The Ghana cedi has been crowned the best-performing currency in Africa for the first eight months of 2025, according to the World Bank’s October 2025 Africa Report.
The international financial institution revealed that the cedi outpaced all other African currencies, gaining 20% year-to-date, buoyed by tight fiscal and monetary policy, rising export revenues, and improved investor confidence.
This remarkable performance stands in sharp contrast to 2024 when the cedi depreciated by about 19% against the US dollar. The World Bank’s findings highlight Ghana’s significant progress in stabilizing its currency and economy despite global headwinds, inflationary pressures, and domestic fiscal constraints.
The cedi’s turnaround story is nothing short of remarkable. In 2024, Ghana’s economy faced multiple shocks, including high inflation, tight external financing conditions, and sluggish investor sentiment. However, through deliberate and coordinated efforts by the Bank of Ghana (BoG) and the government, the narrative has changed dramatically in 2025.
By implementing strict monetary policy measures and maintaining fiscal discipline under the International Monetary Fund (IMF) support programme, Ghana has restored a degree of stability to its financial system. The BoG’s focus on building foreign exchange buffers through initiatives like the Domestic Gold Purchase Programme and gold-for-oil policy has also boosted confidence in the cedi’s value.
According to the World Bank report, “Ghana’s currency appreciation is a reflection of improved market sentiment and effective policy coordination between fiscal and monetary authorities.”
Policy Discipline and Investor Confidence Drive Gains
The cedi’s strength has been anchored on two main pillars: prudent fiscal management and monetary tightening. The Bank of Ghana maintained a tight monetary stance to curb inflation, while the government continued implementing structural reforms to reduce fiscal deficits.
In addition, rising export revenues from cocoa, gold, and crude oil — coupled with increased foreign investment inflows — helped improve Ghana’s balance of payments position. The World Bank noted that these factors combined to enhance the credibility of Ghana’s macroeconomic framework, creating a more favorable environment for the cedi.
Improved investor confidence has also played a crucial role. As Ghana’s economic outlook brightened, demand for cedi-denominated assets rose, particularly among foreign investors seeking higher yields in emerging markets. This demand further supported the local currency’s upward momentum during the early part of the year.
Cedi Outperforms African Peers
In comparison to other African currencies, the Ghana cedi’s performance has been exceptional. The Zambian kwacha ranked second with a 16% year-to-date appreciation, while other major African currencies, including the South African rand and Nigerian naira, struggled under pressure from weak commodity prices and inflation.

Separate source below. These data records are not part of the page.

Lemma nth_le_last_ltrmax s i l : ltrmax s i -> i <= l ->
  (forall m, i < m <= l -> ~~ ltrmax s m) -> forall x, x <= l -> nth 0 s x <= nth 0 s i.
Proof.
move=> /ltrmaxP li; elim: l => [|l IH] il no_ltr x xl.
  have -> : x = 0 by lia.
  by have -> : i = 0 by lia.
case: (leqP i l) => [il' | li']; last first.
  by case: (ltngtP x i) => [/li/ltnW // | ix | -> //]; lia.
have IH' : forall x, x <= l -> nth 0 s x <= nth 0 s i.
  by apply: IH => // m m_bd; apply: no_ltr; lia.
case: (leqP x l) => [/IH' // | lx]; have -> : x = l.+1 by lia.
have /no_ltr /ltrmaxPn [k kl] : i < l.+1 <= l.+1 by rewrite ltnS il' leqnn.
by move/leq_trans; apply; apply: IH'.
Qed.

(** * Non-records and right jumps *)

(* [nonrec m s] is the number of entries of [s] that are not records of
   [m :: s]; for positive entries, [nonrec 0 s] counts the non-left-to-right
   maxima of [s]. *)
Fixpoint nonrec (m : nat) (s : seq nat) : nat :=
  if s is x :: s' then (if m < x then nonrec x s' else (nonrec m s').+1) else 0.

Definition runmax (m : nat) (s : seq nat) : nat := foldl maxn m s.

Lemma runmax_cons m x s : runmax m (x :: s) = runmax (maxn m x) s.
Proof. by []. Qed.

Lemma runmax_ge m s : m <= runmax m s.
Proof. by elim: s m => [|x s IH] m //; rewrite runmax_cons; apply: leq_trans (IH _); lia. Qed.

Lemma runmax_maxn m x s : runmax (maxn m x) s = maxn (runmax m s) x.
Proof.
elim: s m => [|y s IH] m //.
by rewrite !runmax_cons -IH; congr runmax; lia.
Qed.

Lemma runmax_lt m x s : m < x -> all (fun z => z < x) s -> runmax m s < x.
Proof.
elim: s m => [|y s IH] m // mx /andP [yx sx].
by rewrite runmax_cons; apply: IH => //; lia.
Qed.

Lemma runmax_has m x s : m < x -> x <= runmax m s -> has (leq x) s.
Proof.
elim: s m => [|y s IH] m; first by rewrite /=; lia.
rewrite runmax_cons /= => mx xs; case: (leqP x y) => //= yx.
by apply: IH xs; lia.
Qed.

Lemma nonrec_consE m x s :
  nonrec m (x :: s) = nonrec (maxn m x) s + (x <= m).
Proof. by rewrite [LHS]/=; case: ltnP => _; rewrite ?addn0 ?addn1. Qed.

Lemma nonrec_mono s m m' : m <= m' -> nonrec m s <= nonrec m' s.
Proof.
elim: s m m' => [|x s IH] m m' mm' //.
rewrite !nonrec_consE; have := IH (maxn m x) (maxn m' x); lia.
Qed.

Lemma nonrec_cat m s1 s2 : nonrec m (s1 ++ s2) = nonrec m s1 + nonrec (runmax m s1) s2.
Proof.
elim: s1 m => [|x s1 IH] m //.
by rewrite cat_cons !nonrec_consE IH runmax_cons; lia.
Qed.

Lemma nonrec_subseq m u s : subseq u s -> nonrec m u <= nonrec m s.
Proof.
elim: s u m => [|x s IH] u m; first by rewrite subseq0 => /eqP ->.
case: u => [|y u] /=; first by [].
case: eqP => [-> | _] h; first by case: ifP => _; [apply: IH | rewrite ltnS; apply: IH].
apply: leq_trans (IH _ _ h) _.
by case: ifP => mx; [apply: nonrec_mono; apply: ltnW | apply: leqnSn].
Qed.

Lemma nonrec_iota m a n : m < a -> nonrec m (iota a n) = 0.
Proof. by elim: n m a => [|n IH] m a //= ma; rewrite ma IH. Qed.

Lemma nonrec_move m b x c : nonrec m (b ++ x :: c) <= (nonrec m (x :: b ++ c)).+1.
Proof.
rewrite nonrec_cat [nonrec m (x :: _)]nonrec_consE [nonrec _ (x :: _)]nonrec_consE.
rewrite nonrec_cat runmax_maxn.
have := nonrec_mono b (leq_maxl m x); lia.
Qed.

Lemma nonrec0_path m t : nonrec m t = 0 -> path ltn m t.
Proof. by elim: t m => [|x t IH] m //=; case: ifP => // mx /IH ->; rewrite andbT. Qed.

Lemma nonrec_first_split m t : 0 < nonrec m t ->
  exists u x c, t = u ++ x :: c /\ x <= runmax m u.
Proof.
elim: t m => [|y t IH] m //=.
case: ifP => my; last by exists [::], y, t; split=> //=; lia.
move/IH => [u [x [c [-> xu]]]]; exists (y :: u), x, c; split=> //.
by rewrite runmax_cons (_ : maxn m y = y) //; lia.
Qed.

Lemma rjump_cat a x b c :
  rjump (a ++ x :: b ++ c) (size a) (size a + size b) = a ++ b ++ x :: c.
Proof.
rewrite /rjump take_size_cat // (_ : size a + size b - size a = size b); last by lia.
have -> : drop (size a).+1 (a ++ x :: b ++ c) = b ++ c.
  by rewrite drop_cat ltnNge leqnSn /= subSnn /= drop0.
have -> : drop (size a + size b).+1 (a ++ x :: b ++ c) = c.
  rewrite drop_cat ltnNge (_ : size a <= (size a + size b).+1) /=; last by lia.
  by rewrite (_ : (size a + size b).+1 - size a = (size b).+1) /= ?drop_size_cat //; lia.
by rewrite nth_cat ltnn subnn take_size_cat.
Qed.

Lemma rjump_split s i j : i < j -> j < size s ->
  s = take i s ++ nth 0 s i :: take (j - i) (drop i.+1 s) ++ drop j.+1 s /\
  rjump s i j = take i s ++ take (j - i) (drop i.+1 s) ++ nth 0 s i :: drop j.+1 s.
Proof.
move=> ij js; split=> //.
rewrite -{1}(cat_take_drop i s) (drop_nth 0); last by lia.
rewrite -{1}(cat_take_drop (j - i) (drop i.+1 s)) drop_drop.
by rewrite (_ : j - i + i.+1 = j.+1) //; lia.
Qed.

Lemma size_rjump s i j : i < j -> j < size s -> size (rjump s i j) = size s.
Proof.
move=> ij js; have [e1 e2] := rjump_split ij js.
rewrite e2 [in RHS]e1 !size_cat /= size_cat; lia.
Qed.

Lemma nonrec_rjump m s i j : i < j -> j < size s ->
  nonrec m (rjump s i j) <= (nonrec m s).+1.
Proof.
move=> ij js; have [e1 e2] := rjump_split ij js.
rewrite e2 [in X in _ <= X]e1.
move: (take i s) (take (j - i) (drop i.+1 s)) (nth 0 s i) (drop j.+1 s) => a b x c.
rewrite (nonrec_cat m a (b ++ _)) (nonrec_cat m a (x :: _)).
have := nonrec_move (runmax m a) b x c; lia.
Qed.

Lemma nonrec_jumps k s t : jumps k s t -> nonrec 0 t <= nonrec 0 s + k.
Proof.
elim: k s => [|k IH] s /=; first by move->; rewrite addn0.
move=> [i [j [ij [js /IH]]]]; have := nonrec_rjump 0 ij js; lia.
Qed.

Lemma jumps_rjump k s t i j : jumps k s t -> i < j -> j < size t ->
  jumps k.+1 s (rjump t i j).
Proof.
elim: k s => [|k IH] s /=; first by move=> -> ij jt; exists i, j.
move=> [i' [j' [ij' [js' h]]]] ij jt.
by exists i', j'; do 2!split=> //; apply: IH.
Qed.
(* The convexity of [xi] bounds [xi s - 3 m] below by the tangent line at [x]. *)
Lemma A_integral_lower_bound x : 0 < x -> 0 < xiF phi x - 3 * m ->
  exp (PhiF phi x) * ((xiF phi x - 3 * m) / (3 * x ^ 3) + exp (PhiF phi x) / (6 * x ^ 2))
  <= improper_int A_integrand x.
Proof.
  intros Hx Hu.
  assert (HE : 0 < exp (PhiF phi x)) by apply exp_pos.
  set (E := exp (PhiF phi x)) in *. set (u := xiF phi x - 3 * m) in *.
  set (P := fun t => - E * (u - E * x) / 3 * t ^ 3 - E ^ 2 / 2 * t ^ 2).
  assert (HP : is_lim (fun s => P (/ s)) p_infty (P 0)).
  { apply is_lim_comp_continuous.
    - apply (is_lim_inv (fun y => y) p_infty p_infty (is_lim_id p_infty)). discriminate.
    - apply continuous_of_ex_derive.
      unfold P. auto_derive. easy. }
  replace (E * (u / (3 * x ^ 3) + E / (6 * x ^ 2))) with (P 0 - P (/ x))
    by (unfold P; field; lra).
  apply (improper_int_ge_antiderivative _ A_integrand_cont (fun s => P (/ s))
           (fun s => E * (u + E * (s - x)) / s ^ 4));
    [exact Hx | now apply A_integrand_conv | | exact HP].
  intros z Hz. assert (Hz4 : 0 < z ^ 4) by (apply pow_lt; lra).
  split; [| split].
  - unfold P. auto_derive; [lra | field; lra].
  - apply continuous_of_ex_derive.
    auto_derive. simpl in Hz4. lra.
  - destruct (xi_increment_bounds x z Hx Hz) as [Hinc _].
    assert (HEz : E <= exp (PhiF phi z)) by (apply exp_le_exp, Phi_le; auto; lra).
    fold E in Hinc. unfold A_integrand, Rdiv.
    replace ((xiF phi z - 3 * m) * / z ^ 4 * exp (PhiF phi z))
      with (exp (PhiF phi z) * (xiF phi z - 3 * m) * / z ^ 4) by ring.
    apply Rmult_le_compat_r; [left; now apply Rinv_0_lt_compat |].
    apply Rmult_le_compat; [lra | nra | exact HEz | unfold u in *; lra].
Qed.

Lemma A_derivative_pos (xi0 z : R) : filterlim (xiF phi) (at_right 0) (locally xi0) ->
  3 * m > xi0 -> 0 < z -> 0 < AF phi m z ->
  0 < 4 * z * improper_int A_integrand z - 2 * z ^ 2 * A_integrand z.
Proof.
  intros Hxi Hm Hz HA. unfold AF in HA. fold A_integrand in HA.
  assert (Hz2 : 0 < z ^ 2) by (apply pow_lt; lra).
  assert (HJ : 0 < improper_int A_integrand z).
  { apply (Rmult_lt_reg_l (2 * z ^ 2)); lra. }
  assert (HE : 0 < exp (PhiF phi z)) by apply exp_pos.
  assert (Hz4 : 0 < z ^ 4) by (apply pow_lt; lra).
  destruct (Rle_or_lt (xiF phi z - 3 * m) 0) as [Hu | Hu].
  - assert (A_integrand z <= 0).
    { unfold A_integrand, Rdiv. rewrite Rmult_assoc.
      apply Rmult_le_0_r; [lra |].
      apply Rmult_le_pos; [left; now apply Rinv_0_lt_compat | lra]. }
    nra.
  - assert (Hlow := A_integral_lower_bound z Hz Hu).
    assert (Hlim := xi_sub_le_lim xi0 z Hxi Hz).
    set (E := exp (PhiF phi z)) in *. set (u := xiF phi z - 3 * m) in *.
    assert (Hg : A_integrand z = u / z ^ 4 * E) by reflexivity.
    rewrite Hg.
    (* [A'(z) >= 2 E (z E - u) / (3 z^2)], and [z E - u > 0] by [xi_sub_le_lim]. *)
    apply Rlt_le_trans with
      (4 * z * (E * (u / (3 * z ^ 3) + E / (6 * z ^ 2))) - 2 * z ^ 2 * (u / z ^ 4 * E)).
    + replace (4 * z * (E * (u / (3 * z ^ 3) + E / (6 * z ^ 2))) - 2 * z ^ 2 * (u / z ^ 4 * E))
        with (2 * E * (E * z - u) / (3 * z ^ 2)) by (field; lra).
      apply Rdiv_lt_0_compat; [apply Rmult_lt_0_compat; unfold u in *; nra | lra].
    + unfold Rminus. apply Rplus_le_compat_r, Rmult_le_compat_l; [lra | exact Hlow].
Qed.

Lemma A_increasing_where_positive (xi0 a : R) :
  filterlim (xiF phi) (at_right 0) (locally xi0) -> 3 * m > xi0 -> 0 < a ->
  (forall r, a < r -> 0 < AF phi m r) ->
  forall x y, a < x -> x < y -> AF phi m x < AF phi m y.
Proof.
  intros Hxi Hm Ha HA x y Hx Hxy.
  apply (incr_function (AF phi m) a p_infty
           (fun z => 4 * z * improper_int A_integrand z - 2 * z ^ 2 * A_integrand z));
    simpl; try easy; intros z Hz _.
  - apply is_derive_A. lra.
  - apply (A_derivative_pos xi0); [exact Hxi | exact Hm | lra | now apply HA].
Qed.

End Quadratures.

Lemma continuous_Derive_of_C2 phi :
  C2_on_nonneg phi -> forall x, 0 < x -> continuous (Derive phi) x.
Proof.
  intros [f1 [f2 [Hd1 [Hd2 _]]]] x Hx.
  apply continuous_ext_loc with f1.
  - apply (filter_imp (fun t => 0 < t)); [| exact (open_gt 0 x Hx)].
    intros t Ht. symmetry. apply is_derive_unique, Hd1, Ht.
  - apply continuous_of_ex_derive. exists (f2 x). now apply Hd2.
Qed.

Theorem proposition1 (phi : R -> R) (alpha m xi0 rh : R) :
  C2_on_nonneg phi ->
  strictly_monotonic_nonneg phi ->
  (exists x, 0 <= x /\ phi x <> 0) ->
  0 < alpha ->
  bigO_decay phi alpha ->
  (* the improper integrals defining Phi and xi converge for r > 0 *)
  (forall r, 0 < r -> improper_int_conv (fun s => (Derive phi s) ^ 2 * s) r) ->
  (forall r, 0 < r -> improper_int_conv (fun s => 1 - exp (PhiF phi s)) r) ->
  (* xi0 = xi(0) := lim_{r -> 0+} xi(r) *)
  filterlim (xiF phi) (at_right 0) (locally xi0) ->
  3 * m > xi0 ->
  0 < rh ->
  fF phi m rh = 0 ->
  (forall r, rh < r -> 0 < fF phi m r) ->
  forall x y, rh < x -> x < y -> AF phi m x < AF phi m y.
Proof.
  intros HC2 _ _ _ _ HPhi Hxi Hlim Hm Hrh _ Hf.
  apply (A_increasing_where_positive phi (continuous_Derive_of_C2 phi HC2) HPhi Hxi m xi0);
    [exact Hlim | exact Hm | exact Hrh |].
  intros r Hr. apply (Rmult_lt_reg_l (exp (-2 * PhiF phi r))); [apply exp_pos |].
  rewrite Rmult_0_r. now apply Hf.
Qed.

On the flip side, the South Sudanese pound and the Ethiopian birr were the weakest performers in 2025, recording year-to-date declines exceeding 10%. The divergence in performance across the continent underscores the importance of sound policy frameworks and structural reforms in achieving currency stability.
The World Bank emphasized that addressing barriers to structural transformation and maintaining prudent fiscal management will be key to sustaining the cedi’s gains and supporting broader economic resilience across Africa.
Short-Term Setbacks, Long-Term Potential
Despite its impressive performance in the first eight months, the cedi experienced some volatility between late July and September 2025, losing about 19% in value after recording a 40.5% appreciation earlier in July. This fluctuation, according to analysts, reflects short-term market corrections and profit-taking behavior among investors.
As of September 2025, the Bank of Ghana’s Summary of Economic and Financial Data indicated that the cedi was trading at GH¢12.15 to the US dollar on the interbank market, while retail market rates hovered around GH¢13.60 per dollar. Even with this depreciation, the cedi’s cumulative appreciation for the year remained among the best in Africa, demonstrating its relative strength and resilience.
Experts believe that the recent correction is temporary and that the fundamentals supporting the cedi remain strong. “The dip observed in late Q3 reflects short-term liquidity adjustments rather than structural weakness,” said one financial analyst in Accra.
In the intervening time, the World Bank and other international observers have urged Ghana to consolidate its gains by maintaining strict fiscal discipline, enhancing domestic revenue mobilization, and deepening structural reforms.
The Bank also stressed the importance of boosting productivity, diversifying exports, and reducing overreliance on commodity-driven revenues. These measures will not only support the cedi’s long-term stability but also foster sustainable economic growth and resilience against external shocks.
The Ghanaian government has already signaled its commitment to maintaining macroeconomic stability through continued collaboration with the IMF and the implementation of key economic recovery measures. The Bank of Ghana has also reiterated its determination to safeguard the local currency’s value through prudent reserve management and effective market interventions.
All in all, the Ghana cedi’s rise to become Africa’s best-performing currency in 2025 represents more than just a financial milestone — it symbolizes Ghana’s broader economic renewal and growing investor confidence.
From a period of steep depreciation in 2024 to remarkable appreciation in 2025, the cedi’s journey highlights the power of policy consistency, discipline, and innovation in economic management.